= EXERCISE DIRECTIONS =
How do the lines below between the ones holding "Section IntegralBounds." and "measurable_fun setT (fun w => c%:E", inclusive, read? Give them again exactly, with no other lines.

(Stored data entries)
_____

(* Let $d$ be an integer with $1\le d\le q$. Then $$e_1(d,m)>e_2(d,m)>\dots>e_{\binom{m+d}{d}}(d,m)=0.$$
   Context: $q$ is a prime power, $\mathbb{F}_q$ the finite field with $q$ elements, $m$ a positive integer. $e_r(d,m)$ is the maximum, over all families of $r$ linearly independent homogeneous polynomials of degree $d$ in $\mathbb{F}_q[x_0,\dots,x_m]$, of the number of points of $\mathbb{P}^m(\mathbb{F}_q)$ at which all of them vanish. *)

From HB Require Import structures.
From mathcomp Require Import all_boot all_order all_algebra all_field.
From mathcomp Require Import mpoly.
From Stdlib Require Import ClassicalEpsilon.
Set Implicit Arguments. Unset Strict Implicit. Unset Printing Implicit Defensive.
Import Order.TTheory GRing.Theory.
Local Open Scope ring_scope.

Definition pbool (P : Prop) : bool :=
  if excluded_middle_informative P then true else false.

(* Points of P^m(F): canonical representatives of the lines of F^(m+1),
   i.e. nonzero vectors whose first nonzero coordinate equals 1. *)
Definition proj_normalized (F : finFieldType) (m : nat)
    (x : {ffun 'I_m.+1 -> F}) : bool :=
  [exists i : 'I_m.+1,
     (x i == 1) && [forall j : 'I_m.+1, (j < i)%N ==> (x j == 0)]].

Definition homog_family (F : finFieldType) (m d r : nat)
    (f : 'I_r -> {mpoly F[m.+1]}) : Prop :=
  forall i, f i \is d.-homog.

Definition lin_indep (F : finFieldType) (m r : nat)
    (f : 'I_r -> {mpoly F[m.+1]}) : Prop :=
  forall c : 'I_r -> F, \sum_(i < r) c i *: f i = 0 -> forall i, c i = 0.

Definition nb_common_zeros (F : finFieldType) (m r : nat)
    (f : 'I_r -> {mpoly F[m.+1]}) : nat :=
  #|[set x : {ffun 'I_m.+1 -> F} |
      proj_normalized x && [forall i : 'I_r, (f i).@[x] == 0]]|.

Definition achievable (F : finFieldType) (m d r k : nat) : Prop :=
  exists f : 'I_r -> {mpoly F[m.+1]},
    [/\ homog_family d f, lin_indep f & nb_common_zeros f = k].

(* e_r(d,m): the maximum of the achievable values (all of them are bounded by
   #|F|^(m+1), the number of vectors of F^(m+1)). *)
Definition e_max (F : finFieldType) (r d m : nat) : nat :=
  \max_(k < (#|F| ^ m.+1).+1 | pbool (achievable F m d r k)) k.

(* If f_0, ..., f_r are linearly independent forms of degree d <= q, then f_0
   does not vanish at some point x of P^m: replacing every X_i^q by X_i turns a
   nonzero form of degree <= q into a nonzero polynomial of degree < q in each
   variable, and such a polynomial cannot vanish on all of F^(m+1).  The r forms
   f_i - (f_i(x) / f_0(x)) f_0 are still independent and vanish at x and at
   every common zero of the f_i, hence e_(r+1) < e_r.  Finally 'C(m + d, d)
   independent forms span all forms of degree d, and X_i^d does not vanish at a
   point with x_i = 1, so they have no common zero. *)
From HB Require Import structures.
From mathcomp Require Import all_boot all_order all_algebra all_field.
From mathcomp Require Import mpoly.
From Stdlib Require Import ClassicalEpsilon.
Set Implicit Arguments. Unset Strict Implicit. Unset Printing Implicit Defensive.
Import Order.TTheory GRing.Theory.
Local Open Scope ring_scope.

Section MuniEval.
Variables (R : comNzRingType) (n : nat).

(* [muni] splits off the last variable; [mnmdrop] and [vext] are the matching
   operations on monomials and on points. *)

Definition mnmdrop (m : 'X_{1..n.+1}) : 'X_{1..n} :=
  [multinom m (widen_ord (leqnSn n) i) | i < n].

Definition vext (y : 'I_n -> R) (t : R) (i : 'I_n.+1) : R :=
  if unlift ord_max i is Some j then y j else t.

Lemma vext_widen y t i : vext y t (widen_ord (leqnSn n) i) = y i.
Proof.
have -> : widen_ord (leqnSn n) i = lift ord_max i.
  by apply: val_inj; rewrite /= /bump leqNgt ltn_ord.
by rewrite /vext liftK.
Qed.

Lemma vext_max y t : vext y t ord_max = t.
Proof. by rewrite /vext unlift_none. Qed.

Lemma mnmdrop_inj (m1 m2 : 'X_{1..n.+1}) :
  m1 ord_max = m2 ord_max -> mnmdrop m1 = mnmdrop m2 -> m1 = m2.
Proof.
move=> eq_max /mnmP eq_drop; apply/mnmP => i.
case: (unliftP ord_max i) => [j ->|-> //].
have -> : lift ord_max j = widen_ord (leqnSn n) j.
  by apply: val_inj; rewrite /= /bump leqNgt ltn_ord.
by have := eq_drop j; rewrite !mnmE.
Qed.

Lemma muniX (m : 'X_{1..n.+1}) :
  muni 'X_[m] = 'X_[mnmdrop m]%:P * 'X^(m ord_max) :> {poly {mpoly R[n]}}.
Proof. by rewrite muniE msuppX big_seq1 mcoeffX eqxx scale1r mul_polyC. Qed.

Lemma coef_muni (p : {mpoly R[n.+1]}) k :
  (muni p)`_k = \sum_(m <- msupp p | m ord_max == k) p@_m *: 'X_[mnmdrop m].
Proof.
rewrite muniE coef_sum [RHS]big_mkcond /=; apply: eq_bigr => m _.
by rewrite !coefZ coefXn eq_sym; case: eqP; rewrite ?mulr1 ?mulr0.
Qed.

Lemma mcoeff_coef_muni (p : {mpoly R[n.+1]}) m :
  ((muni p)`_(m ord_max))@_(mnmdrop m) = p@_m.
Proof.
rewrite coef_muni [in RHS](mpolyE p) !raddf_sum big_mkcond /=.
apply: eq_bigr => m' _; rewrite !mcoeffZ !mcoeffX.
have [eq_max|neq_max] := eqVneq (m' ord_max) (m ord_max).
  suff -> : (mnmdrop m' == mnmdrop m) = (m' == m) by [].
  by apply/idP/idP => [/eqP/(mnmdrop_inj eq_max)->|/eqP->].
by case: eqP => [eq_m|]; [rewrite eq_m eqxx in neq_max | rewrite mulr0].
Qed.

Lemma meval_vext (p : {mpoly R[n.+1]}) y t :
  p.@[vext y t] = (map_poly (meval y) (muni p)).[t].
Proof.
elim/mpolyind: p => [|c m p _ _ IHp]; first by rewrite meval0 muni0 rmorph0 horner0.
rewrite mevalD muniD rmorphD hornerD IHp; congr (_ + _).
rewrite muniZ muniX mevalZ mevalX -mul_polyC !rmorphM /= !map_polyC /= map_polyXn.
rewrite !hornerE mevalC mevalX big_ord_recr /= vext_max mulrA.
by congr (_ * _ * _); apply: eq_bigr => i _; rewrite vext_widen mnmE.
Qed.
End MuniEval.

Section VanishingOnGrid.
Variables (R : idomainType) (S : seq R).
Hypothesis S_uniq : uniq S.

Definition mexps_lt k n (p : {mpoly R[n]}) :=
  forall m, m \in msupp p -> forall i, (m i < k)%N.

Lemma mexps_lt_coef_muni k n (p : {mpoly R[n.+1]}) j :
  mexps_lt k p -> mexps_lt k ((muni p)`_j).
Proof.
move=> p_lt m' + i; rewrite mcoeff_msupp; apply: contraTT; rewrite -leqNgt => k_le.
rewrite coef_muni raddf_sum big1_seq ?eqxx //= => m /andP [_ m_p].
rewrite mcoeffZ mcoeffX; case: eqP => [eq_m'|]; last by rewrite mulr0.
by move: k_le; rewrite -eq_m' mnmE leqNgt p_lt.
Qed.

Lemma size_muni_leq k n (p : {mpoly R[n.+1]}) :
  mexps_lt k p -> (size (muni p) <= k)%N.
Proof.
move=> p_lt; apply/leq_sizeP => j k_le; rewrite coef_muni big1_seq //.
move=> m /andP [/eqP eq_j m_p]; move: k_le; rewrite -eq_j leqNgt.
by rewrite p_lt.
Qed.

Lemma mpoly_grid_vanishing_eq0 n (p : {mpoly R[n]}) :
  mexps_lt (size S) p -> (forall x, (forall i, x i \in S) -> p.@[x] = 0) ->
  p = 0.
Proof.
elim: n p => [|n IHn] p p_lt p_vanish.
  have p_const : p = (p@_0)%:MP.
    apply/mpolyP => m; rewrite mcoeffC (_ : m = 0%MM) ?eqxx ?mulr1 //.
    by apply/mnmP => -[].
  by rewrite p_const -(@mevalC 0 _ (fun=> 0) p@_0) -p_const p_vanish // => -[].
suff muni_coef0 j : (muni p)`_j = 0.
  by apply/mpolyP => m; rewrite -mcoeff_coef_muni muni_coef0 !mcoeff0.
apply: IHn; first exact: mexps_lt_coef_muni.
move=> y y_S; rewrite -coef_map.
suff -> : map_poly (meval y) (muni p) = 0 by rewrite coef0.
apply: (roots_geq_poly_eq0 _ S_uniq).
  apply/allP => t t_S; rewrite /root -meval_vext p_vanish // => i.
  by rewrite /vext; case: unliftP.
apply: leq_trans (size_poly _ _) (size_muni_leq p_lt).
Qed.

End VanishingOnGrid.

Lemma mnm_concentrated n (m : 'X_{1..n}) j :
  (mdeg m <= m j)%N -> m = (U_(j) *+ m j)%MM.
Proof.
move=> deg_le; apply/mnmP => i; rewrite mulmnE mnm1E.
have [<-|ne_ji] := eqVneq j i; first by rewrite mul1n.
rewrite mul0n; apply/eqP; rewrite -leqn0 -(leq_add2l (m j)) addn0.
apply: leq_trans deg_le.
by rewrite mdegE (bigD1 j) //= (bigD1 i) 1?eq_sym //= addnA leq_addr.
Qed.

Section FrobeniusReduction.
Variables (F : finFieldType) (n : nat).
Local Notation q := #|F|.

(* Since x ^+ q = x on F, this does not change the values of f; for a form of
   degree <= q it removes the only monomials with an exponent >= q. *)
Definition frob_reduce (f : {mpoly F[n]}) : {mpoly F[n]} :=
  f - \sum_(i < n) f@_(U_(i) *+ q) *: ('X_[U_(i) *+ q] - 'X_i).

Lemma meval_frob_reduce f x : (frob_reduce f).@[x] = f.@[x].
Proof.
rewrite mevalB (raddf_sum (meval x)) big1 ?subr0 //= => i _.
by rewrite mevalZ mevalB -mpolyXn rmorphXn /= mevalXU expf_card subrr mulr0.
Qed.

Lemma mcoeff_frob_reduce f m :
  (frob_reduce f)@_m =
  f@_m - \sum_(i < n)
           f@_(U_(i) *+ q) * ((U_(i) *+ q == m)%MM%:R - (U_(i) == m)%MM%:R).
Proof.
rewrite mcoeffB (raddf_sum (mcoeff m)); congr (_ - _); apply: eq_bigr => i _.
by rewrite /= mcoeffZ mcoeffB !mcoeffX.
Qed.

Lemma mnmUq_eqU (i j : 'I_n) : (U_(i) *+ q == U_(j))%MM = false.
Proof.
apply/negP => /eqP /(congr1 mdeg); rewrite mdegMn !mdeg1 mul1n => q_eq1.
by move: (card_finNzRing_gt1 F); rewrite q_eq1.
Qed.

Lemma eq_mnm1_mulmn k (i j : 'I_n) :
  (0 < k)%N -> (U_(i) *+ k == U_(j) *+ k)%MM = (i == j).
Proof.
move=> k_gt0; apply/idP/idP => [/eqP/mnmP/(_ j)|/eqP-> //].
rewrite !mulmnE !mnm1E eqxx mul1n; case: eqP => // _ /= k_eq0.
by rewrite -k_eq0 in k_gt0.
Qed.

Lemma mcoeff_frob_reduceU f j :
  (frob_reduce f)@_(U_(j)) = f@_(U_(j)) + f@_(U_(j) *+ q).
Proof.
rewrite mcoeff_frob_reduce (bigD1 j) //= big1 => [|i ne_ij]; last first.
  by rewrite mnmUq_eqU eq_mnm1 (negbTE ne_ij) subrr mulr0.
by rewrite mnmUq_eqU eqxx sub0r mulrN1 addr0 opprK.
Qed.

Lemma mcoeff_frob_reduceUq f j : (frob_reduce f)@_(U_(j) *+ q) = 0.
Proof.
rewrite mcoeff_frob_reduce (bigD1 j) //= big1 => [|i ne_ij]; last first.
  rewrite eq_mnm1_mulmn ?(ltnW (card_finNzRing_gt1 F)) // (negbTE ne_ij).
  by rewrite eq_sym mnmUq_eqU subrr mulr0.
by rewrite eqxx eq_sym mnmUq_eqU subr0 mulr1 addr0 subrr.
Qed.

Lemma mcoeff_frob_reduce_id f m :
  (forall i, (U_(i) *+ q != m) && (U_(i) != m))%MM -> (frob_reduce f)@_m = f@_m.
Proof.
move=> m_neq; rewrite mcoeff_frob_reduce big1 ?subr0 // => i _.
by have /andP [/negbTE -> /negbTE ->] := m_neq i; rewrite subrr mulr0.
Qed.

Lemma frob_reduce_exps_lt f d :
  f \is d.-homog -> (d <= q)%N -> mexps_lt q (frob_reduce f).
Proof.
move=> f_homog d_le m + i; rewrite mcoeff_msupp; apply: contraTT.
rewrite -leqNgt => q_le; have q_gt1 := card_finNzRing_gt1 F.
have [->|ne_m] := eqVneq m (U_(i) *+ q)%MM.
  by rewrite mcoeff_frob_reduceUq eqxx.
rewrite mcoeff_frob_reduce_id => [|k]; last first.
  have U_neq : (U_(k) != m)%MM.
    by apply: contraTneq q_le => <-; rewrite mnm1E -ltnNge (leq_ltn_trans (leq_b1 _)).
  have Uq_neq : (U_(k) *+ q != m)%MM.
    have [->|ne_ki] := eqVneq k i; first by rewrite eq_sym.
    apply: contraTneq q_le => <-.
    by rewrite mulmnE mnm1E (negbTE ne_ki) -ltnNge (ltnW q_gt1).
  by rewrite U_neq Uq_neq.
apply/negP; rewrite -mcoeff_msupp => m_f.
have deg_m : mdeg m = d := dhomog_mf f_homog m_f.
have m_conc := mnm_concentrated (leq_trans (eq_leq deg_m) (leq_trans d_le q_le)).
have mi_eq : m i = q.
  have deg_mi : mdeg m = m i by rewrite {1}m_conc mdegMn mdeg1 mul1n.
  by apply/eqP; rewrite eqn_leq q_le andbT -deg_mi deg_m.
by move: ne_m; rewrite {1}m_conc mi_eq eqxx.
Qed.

_____

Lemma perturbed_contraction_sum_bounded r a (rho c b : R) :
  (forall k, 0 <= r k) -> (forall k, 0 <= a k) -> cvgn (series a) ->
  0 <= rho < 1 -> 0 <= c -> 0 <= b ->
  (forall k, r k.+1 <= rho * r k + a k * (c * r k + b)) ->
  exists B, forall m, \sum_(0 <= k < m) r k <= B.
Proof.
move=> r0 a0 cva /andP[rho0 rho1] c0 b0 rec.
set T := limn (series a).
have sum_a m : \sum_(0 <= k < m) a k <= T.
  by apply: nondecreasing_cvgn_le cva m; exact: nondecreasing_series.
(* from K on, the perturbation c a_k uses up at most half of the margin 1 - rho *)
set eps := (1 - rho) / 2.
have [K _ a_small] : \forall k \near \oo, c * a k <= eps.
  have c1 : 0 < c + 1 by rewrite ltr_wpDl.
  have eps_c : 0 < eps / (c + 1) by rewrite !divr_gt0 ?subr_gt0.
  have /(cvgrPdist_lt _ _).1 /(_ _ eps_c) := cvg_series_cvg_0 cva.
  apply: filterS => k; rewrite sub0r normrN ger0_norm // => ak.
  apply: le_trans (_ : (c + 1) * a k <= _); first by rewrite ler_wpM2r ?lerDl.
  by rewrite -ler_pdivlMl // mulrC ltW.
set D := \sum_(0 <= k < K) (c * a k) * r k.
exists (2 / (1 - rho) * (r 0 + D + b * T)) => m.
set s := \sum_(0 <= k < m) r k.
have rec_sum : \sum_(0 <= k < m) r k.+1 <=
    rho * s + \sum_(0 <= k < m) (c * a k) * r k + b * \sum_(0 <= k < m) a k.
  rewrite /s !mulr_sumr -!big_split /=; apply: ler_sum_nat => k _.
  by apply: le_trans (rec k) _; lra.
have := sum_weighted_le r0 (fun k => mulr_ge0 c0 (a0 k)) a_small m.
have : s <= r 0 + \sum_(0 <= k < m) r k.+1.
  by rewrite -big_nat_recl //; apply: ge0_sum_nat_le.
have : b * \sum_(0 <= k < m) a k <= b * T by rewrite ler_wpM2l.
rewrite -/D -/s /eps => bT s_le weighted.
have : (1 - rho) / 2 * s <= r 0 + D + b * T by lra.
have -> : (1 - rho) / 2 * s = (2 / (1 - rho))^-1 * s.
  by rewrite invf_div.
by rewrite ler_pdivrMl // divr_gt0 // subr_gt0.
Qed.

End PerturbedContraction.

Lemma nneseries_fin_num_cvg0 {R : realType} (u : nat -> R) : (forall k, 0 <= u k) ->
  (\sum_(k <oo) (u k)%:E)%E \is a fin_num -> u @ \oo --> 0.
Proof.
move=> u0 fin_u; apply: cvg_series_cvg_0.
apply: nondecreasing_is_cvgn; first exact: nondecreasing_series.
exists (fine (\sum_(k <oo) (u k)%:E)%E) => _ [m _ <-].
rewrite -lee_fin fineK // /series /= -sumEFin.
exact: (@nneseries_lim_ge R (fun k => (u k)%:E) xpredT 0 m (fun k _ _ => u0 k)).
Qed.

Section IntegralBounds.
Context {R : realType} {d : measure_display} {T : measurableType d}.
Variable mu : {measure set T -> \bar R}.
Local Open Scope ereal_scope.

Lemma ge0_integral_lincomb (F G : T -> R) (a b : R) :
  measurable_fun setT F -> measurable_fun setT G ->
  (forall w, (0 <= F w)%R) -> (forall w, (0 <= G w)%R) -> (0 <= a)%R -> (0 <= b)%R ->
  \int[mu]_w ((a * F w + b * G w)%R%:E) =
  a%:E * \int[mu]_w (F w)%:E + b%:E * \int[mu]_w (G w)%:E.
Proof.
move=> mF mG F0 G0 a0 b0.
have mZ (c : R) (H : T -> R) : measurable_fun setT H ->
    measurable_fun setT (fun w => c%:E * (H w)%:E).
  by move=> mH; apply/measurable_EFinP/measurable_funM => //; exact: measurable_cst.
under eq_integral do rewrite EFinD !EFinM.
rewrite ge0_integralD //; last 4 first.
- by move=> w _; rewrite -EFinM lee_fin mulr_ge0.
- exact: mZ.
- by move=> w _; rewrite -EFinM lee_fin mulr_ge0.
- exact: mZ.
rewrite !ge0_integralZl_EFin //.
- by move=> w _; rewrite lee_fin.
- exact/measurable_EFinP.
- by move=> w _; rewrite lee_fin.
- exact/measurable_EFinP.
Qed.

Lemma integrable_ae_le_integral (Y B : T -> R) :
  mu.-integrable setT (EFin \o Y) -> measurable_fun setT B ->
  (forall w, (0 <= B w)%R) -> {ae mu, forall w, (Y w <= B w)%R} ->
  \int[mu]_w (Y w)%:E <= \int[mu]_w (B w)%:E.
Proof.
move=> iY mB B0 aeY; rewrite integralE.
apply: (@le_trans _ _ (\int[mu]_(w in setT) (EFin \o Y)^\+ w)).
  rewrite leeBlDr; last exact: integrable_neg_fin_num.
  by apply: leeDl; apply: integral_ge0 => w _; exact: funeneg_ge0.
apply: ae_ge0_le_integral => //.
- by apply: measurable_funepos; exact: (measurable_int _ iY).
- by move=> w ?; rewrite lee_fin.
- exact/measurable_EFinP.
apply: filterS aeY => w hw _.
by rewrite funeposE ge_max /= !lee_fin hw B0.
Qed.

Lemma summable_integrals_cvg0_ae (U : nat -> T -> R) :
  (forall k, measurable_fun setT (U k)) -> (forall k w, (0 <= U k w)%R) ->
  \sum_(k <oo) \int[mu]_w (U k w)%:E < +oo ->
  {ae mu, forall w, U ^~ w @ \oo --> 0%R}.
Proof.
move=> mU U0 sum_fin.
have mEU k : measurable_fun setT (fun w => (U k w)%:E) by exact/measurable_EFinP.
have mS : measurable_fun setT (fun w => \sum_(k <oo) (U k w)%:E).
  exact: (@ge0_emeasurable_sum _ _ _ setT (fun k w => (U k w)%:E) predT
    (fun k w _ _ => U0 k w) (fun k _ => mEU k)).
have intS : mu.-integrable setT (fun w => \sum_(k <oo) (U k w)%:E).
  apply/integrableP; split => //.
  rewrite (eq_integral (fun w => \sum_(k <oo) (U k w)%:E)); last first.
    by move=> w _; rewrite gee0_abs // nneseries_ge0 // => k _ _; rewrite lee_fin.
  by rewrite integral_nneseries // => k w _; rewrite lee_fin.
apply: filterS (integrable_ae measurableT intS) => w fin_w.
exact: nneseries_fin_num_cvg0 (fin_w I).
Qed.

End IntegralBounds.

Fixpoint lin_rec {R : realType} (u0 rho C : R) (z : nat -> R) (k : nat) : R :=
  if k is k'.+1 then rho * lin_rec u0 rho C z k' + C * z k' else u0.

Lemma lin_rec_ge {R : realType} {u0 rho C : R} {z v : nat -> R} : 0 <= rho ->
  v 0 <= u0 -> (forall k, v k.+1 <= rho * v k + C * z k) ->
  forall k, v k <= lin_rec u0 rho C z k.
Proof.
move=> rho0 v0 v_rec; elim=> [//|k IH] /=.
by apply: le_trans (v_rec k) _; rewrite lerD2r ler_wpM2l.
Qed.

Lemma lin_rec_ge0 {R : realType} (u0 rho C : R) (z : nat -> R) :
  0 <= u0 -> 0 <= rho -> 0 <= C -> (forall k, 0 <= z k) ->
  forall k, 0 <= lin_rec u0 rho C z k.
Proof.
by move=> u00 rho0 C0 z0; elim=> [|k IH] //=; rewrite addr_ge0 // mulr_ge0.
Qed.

_____

= COMPLETED EXERCISE =
Section IntegralBounds.
Context {R : realType} {d : measure_display} {T : measurableType d}.
Variable mu : {measure set T -> \bar R}.
Local Open Scope ereal_scope.

Lemma ge0_integral_lincomb (F G : T -> R) (a b : R) :
  measurable_fun setT F -> measurable_fun setT G ->
  (forall w, (0 <= F w)%R) -> (forall w, (0 <= G w)%R) -> (0 <= a)%R -> (0 <= b)%R ->
  \int[mu]_w ((a * F w + b * G w)%R%:E) =
  a%:E * \int[mu]_w (F w)%:E + b%:E * \int[mu]_w (G w)%:E.
Proof.
move=> mF mG F0 G0 a0 b0.
have mZ (c : R) (H : T -> R) : measurable_fun setT H ->
    measurable_fun setT (fun w => c%:E * (H w)%:E).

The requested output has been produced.